La grimace, c’est la métaphore du désir de domination. Si l’on recherche tjr la puissance, il y a un
retournement. La barbarie va s’inverser en l’excès de raffinement, et l’idéalité morbide. 3e point,
l’énumération des degrés entre le début et le présent ascétique, entre le barbare et l’ascète. Sens :
montrer la continuité du processus culturel. La recherche de la domination suffit en effet à expliquer
la civilisation. Nietzsche souligne d’abord la recherche de la distinction pr le prochain : ce qu’on va
énumérer, ce sontn des rapports à autrui.

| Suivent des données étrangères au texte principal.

(** * Goursat's theorem for a parametrised rectangle *)

Lemma nested_intervals (a b : nat -> R) :
  (forall n, a n <= a (S n)) -> (forall n, b (S n) <= b n) -> (forall n, a n <= b n) ->
  exists s, forall n, a n <= s <= b n.
Proof.
  intros Ha Hb Hab.
  assert (Hle : forall m n, a m <= b n).
  { assert (Ha' : forall m k, a m <= a (k + m)%nat).
    { intros m k. induction k as [|k IH]; [simpl; lra|]. specialize (Ha (k + m)%nat). simpl. lra. }
    assert (Hb' : forall n k, b (k + n)%nat <= b n).
    { intros n k. induction k as [|k IH]; [simpl; lra|]. specialize (Hb (k + n)%nat). simpl. lra. }
    intros m n. destruct (Nat.le_ge_cases m n) as [H|H].
    - replace n with ((n - m) + m)%nat by lia. specialize (Hab ((n - m) + m)%nat).
      specialize (Ha' m (n - m)%nat). lra.
    - replace m with ((m - n) + n)%nat by lia. specialize (Hab ((m - n) + n)%nat).
      specialize (Hb' n (m - n)%nat). lra. }
  destruct (completeness (fun x => exists n, x = a n)) as [s [Hub Hlub]].
  - exists (b 0%nat). intros x [n ->]. apply Hle.
  - exists (a 0%nat). now exists 0%nat.
  - exists s. intros n. split.
    + apply Hub. now exists n.
    + apply Hlub. intros x [m ->]. apply Hle.
Qed.

Lemma exists_div_pow2_lt (x delta : R) : 0 < delta -> exists n, x / 2 ^ n < delta.
Proof.
  intros Hd.
  destruct (Pow_x_infinity 2 ltac:(rewrite Rabs_pos_eq; lra) (Rabs x / delta + 1)) as [n Hn].
  exists n. specialize (Hn n (Nat.le_refl n)). rewrite Rabs_pos_eq in Hn by (apply pow_le; lra).
  pose proof (pow_lt 2 n ltac:(lra)) as H2. apply Rmult_lt_reg_r with (2 ^ n); [lra|].
  unfold Rdiv. rewrite Rmult_assoc, Rinv_l, Rmult_1_r by lra.
  apply Rle_lt_trans with (Rabs x); [apply Rle_abs|].
  assert (Rabs x / delta * delta = Rabs x) by (field; lra). nra.
Qed.

(* Goursat's subdivision argument, abstracted from the integrals. *)
Section Quadrisection.

Variables (B : R -> R -> R -> R -> C) (a0 b0 c0 d0 : R).
Hypothesis Hab0 : a0 < b0.
Hypothesis Hcd0 : c0 < d0.
Hypothesis B_split : forall a b c d, a0 <= a <= b -> b <= b0 -> c0 <= c <= d -> d <= d0 ->
  let m := (a + b) / 2 in let n := (c + d) / 2 in
  B a b c d = (B a m c n + B m b c n + B a m n d + B m b n d)%C.
Hypothesis B_small : forall s t, a0 <= s <= b0 -> c0 <= t <= d0 -> forall eps, 0 < eps ->
  exists delta, 0 < delta /\ forall a b c d, a0 <= a <= s -> s <= b <= b0 ->
    c0 <= c <= t -> t <= d <= d0 -> b - a < delta -> d - c < delta ->
    Cmod (B a b c d) <= eps * (b - a + (d - c)) ^ 2.

Record rect := Rect { ra : R; rb : R; rc : R; rd : R }.

Let Bq (q : rect) := B (ra q) (rb q) (rc q) (rd q).

Definition quarter (q : rect) : rect :=
  let m := (ra q + rb q) / 2 in let n := (rc q + rd q) / 2 in
  let q1 := Rect (ra q) m (rc q) n in let q2 := Rect m (rb q) (rc q) n in
  let q3 := Rect (ra q) m n (rd q) in let q4 := Rect m (rb q) n (rd q) in
  if Rle_dec (Cmod (Bq q) / 4) (Cmod (Bq q1)) then q1 else
  if Rle_dec (Cmod (Bq q) / 4) (Cmod (Bq q2)) then q2 else
  if Rle_dec (Cmod (Bq q) / 4) (Cmod (Bq q3)) then q3 else q4.

Lemma quarter_spec q : a0 <= ra q <= rb q -> rb q <= b0 -> c0 <= rc q <= rd q -> rd q <= d0 ->
  let q' := quarter q in
  ra q <= ra q' <= rb q' /\ rb q' <= rb q /\ rc q <= rc q' <= rd q' /\ rd q' <= rd q /\
  rb q' - ra q' = (rb q - ra q) / 2 /\ rd q' - rc q' = (rd q - rc q) / 2 /\
  Cmod (Bq q) <= 4 * Cmod (Bq q').
Proof.
  intros Ha Hb Hc Hd. pose proof (B_split (ra q) (rb q) (rc q) (rd q) Ha Hb Hc Hd) as E.
  cbv zeta in E. unfold quarter, Bq in *. cbn [ra rb rc rd] in *.
  set (m := (ra q + rb q) / 2) in *. set (n := (rc q + rd q) / 2) in *.
  destruct (Rle_dec _ _) as [H1|H1]; [simpl; repeat split; unfold m, n in *; lra|].
  destruct (Rle_dec _ _) as [H2|H2]; [simpl; repeat split; unfold m, n in *; lra|].
  destruct (Rle_dec _ _) as [H3|H3]; [simpl; repeat split; unfold m, n in *; lra|].
  simpl. repeat split; try (unfold m, n in *; lra).
  apply Rnot_le_lt in H1, H2, H3. rewrite E in H1, H2, H3 |- *.
  set (x1 := B (ra q) m (rc q) n) in *. set (x2 := B m (rb q) (rc q) n) in *.
  set (x3 := B (ra q) m n (rd q)) in *. set (x4 := B m (rb q) n (rd q)) in *.
  pose proof (Cmod_triangle (x1 + x2 + x3) x4). pose proof (Cmod_triangle (x1 + x2) x3).
  pose proof (Cmod_triangle x1 x2). lra.
Qed.

Fixpoint nest (k : nat) : rect :=
  match k with O => Rect a0 b0 c0 d0 | S k => quarter (nest k) end.

Lemma nest_spec k :
  a0 <= ra (nest k) <= rb (nest k) /\ rb (nest k) <= b0 /\
  c0 <= rc (nest k) <= rd (nest k) /\ rd (nest k) <= d0 /\
  rb (nest k) - ra (nest k) = (b0 - a0) / 2 ^ k /\ rd (nest k) - rc (nest k) = (d0 - c0) / 2 ^ k /\
  Cmod (B a0 b0 c0 d0) <= 4 ^ k * Cmod (Bq (nest k)).
Proof.
  induction k as [|k IH]; simpl.
  - unfold Bq; simpl. repeat split; lra.
  - destruct IH as (Ha & Hb & Hc & Hd & Eab & Ecd & HB).
    destruct (quarter_spec (nest k) Ha Hb Hc Hd) as (Ha' & Hb' & Hc' & Hd' & Eab' & Ecd' & HB').
    pose proof (pow_lt 2 k ltac:(lra)). pose proof (pow_lt 4 k ltac:(lra)).
    repeat split; try lra.
    + rewrite Eab', Eab. field. lra.
    + rewrite Ecd', Ecd. field. lra.
    + nra.
Qed.

Lemma nest_mono k :
  ra (nest k) <= ra (nest (S k)) /\ rb (nest (S k)) <= rb (nest k) /\
  rc (nest k) <= rc (nest (S k)) /\ rd (nest (S k)) <= rd (nest k).
Proof.
  destruct (nest_spec k) as (Ha & Hb & Hc & Hd & _).
  destruct (quarter_spec (nest k) Ha Hb Hc Hd) as (? & ? & ? & ? & _). simpl. lra.
Qed.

On va décliner des réponses successives dans le temps à la
question cmt se distingue-t-on, s’est-on distingué d’autrui. Cette énumération est une régression
chronologique. On part de celui qui se martyrise. Au bout, on a celui qui martyrise. Entre les deux
une inversion, un retournement : je me martyrise (ascète), je subis le martyre qu’on m’inflige, je
subis les coups, je subis l’effroi, puis la stupéfaction, puis l’étonnement, puis je l’insulte, je le frappe,
etc. La civilisation, c’est l’oubli de ce qu’on était, et qu’on ne cesse pas d’être. Parfois, dans
l’expérience individuelle de la folie ou du rêve, on retrouve cette préhistoire. 4e point. L’ascète, c’est
tjr, encore le barbare. C’est le barbare à l’envers. Contresens énorme de Schopenhauer, qui a cru que
le bourreau, c’était l’ascète. Pr lui, l’ascète était lucide, il avait pris conscience de l’illusion du
bourreau. Pr Nietzsche, l’ascète est le barbare lui-même qui vit dans l’illusion de ne plus être un
barbare. Sa barbarie transitive est devenue pronominale. C’est celui qui est dans l’illusion maximale.

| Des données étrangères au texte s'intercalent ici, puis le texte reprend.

Lemma exists_dual_le1 : `|x| = 1 -> exists c, dual_le c 1.
Proof.
move=> x1.
have gap a b : b - a <= `|a *: x + v| + `|b *: x + v|.
  have : `|(b *: x + v) - (a *: x + v)| = `|b - a|.
    by rewrite opprD addrACA subrr addr0 -scalerBl normrZ x1 mulr1.
  by have := ler_normB (b *: x + v) (a *: x + v); have := ler_norm (b - a); lra.
pose S := [set y | exists a, y = - `|a *: x + v| - a].
have S_ne0 : S !=set0 by exists (- `|0 *: x + v| - 0), 0.
have supS : has_sup S.
  split=> //; exists (`|0 *: x + v| - 0) => _ [a ->].
  by have := gap a 0; lra.
have at_s1 a : `|a + sup S| <= `|a *: x + v|.
  have lo : - `|a *: x + v| - a <= sup S by apply: sup_upper_bound => //; exists a.
  have hi : sup S <= `|a *: x + v| - a.
    by apply: ge_sup => // _ [b ->]; have := gap b a; lra.
  by rewrite ler_norml; apply/andP; split; lra.
exists (sup S) => a s; rewrite mul1r.
have [-> | s0] := eqVneq s 0.
  by rewrite mulr0 addr0 scale0r addr0 normrZ x1 mulr1.
have -> : a + sup S * s = s * (a / s + sup S) by field.
have -> : a *: x + s *: v = s *: ((a / s) *: x + v).
  by rewrite scalerDr scalerA mulrCA divff ?mulr1.
by rewrite normrM normrZ ler_wpM2l.
Qed.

2e moment : la barbarie ascétique. Il s’agit de caractériser l’ascétisme par un dédoublement.
L’ascétisme, c’est d’abord une intériorisation. L’ascète est celui dont le regard est tourné vers le
dedans. C’est celui qui a un dedans (l’intériorité n’est pas une réalité que l’ascète découvrirait ; c’est
une création de la civilisation). C’est l’invention de l’âme. Je me scrute en permanence, et donc je me
coupe de l’extérieur : l’invention de l’intériorité nie le monde extérieur. L’intériorisation est une
autodestruction ; on se brûle de l’intérieur. L’ascète devient le spectateur de soi-même. C’est ainsi
qu’il se distingue de lui-même. Entre le barbare et l’ascète, il y a continuité (dans les deux cas un
bonheur indicible au spectacle de torture) et inversion. De qui l’ascète se distingue-t-il ? Il se
distingue de lui-même ; le clivage passe à l’intérieur de lui-même puisqu’il a un dedans. C’est luimême qu’il cherche à dominer. En faisant ça, l’ascète se distingue du barbare et domine le barbare
(3e dissert, §10 : l’ascète fait peur au barbare). C’est le sens de la domination indirecte évoquée au
début. L’ascète domine le barbare en se dominant lui-même.
[La philo de Nietzsche cô expérimentation. On prend un thème et on le traite d’une certaine manière.
Puis, 100 pages plus loin, on le reprend, et on le traite d’une autre manière].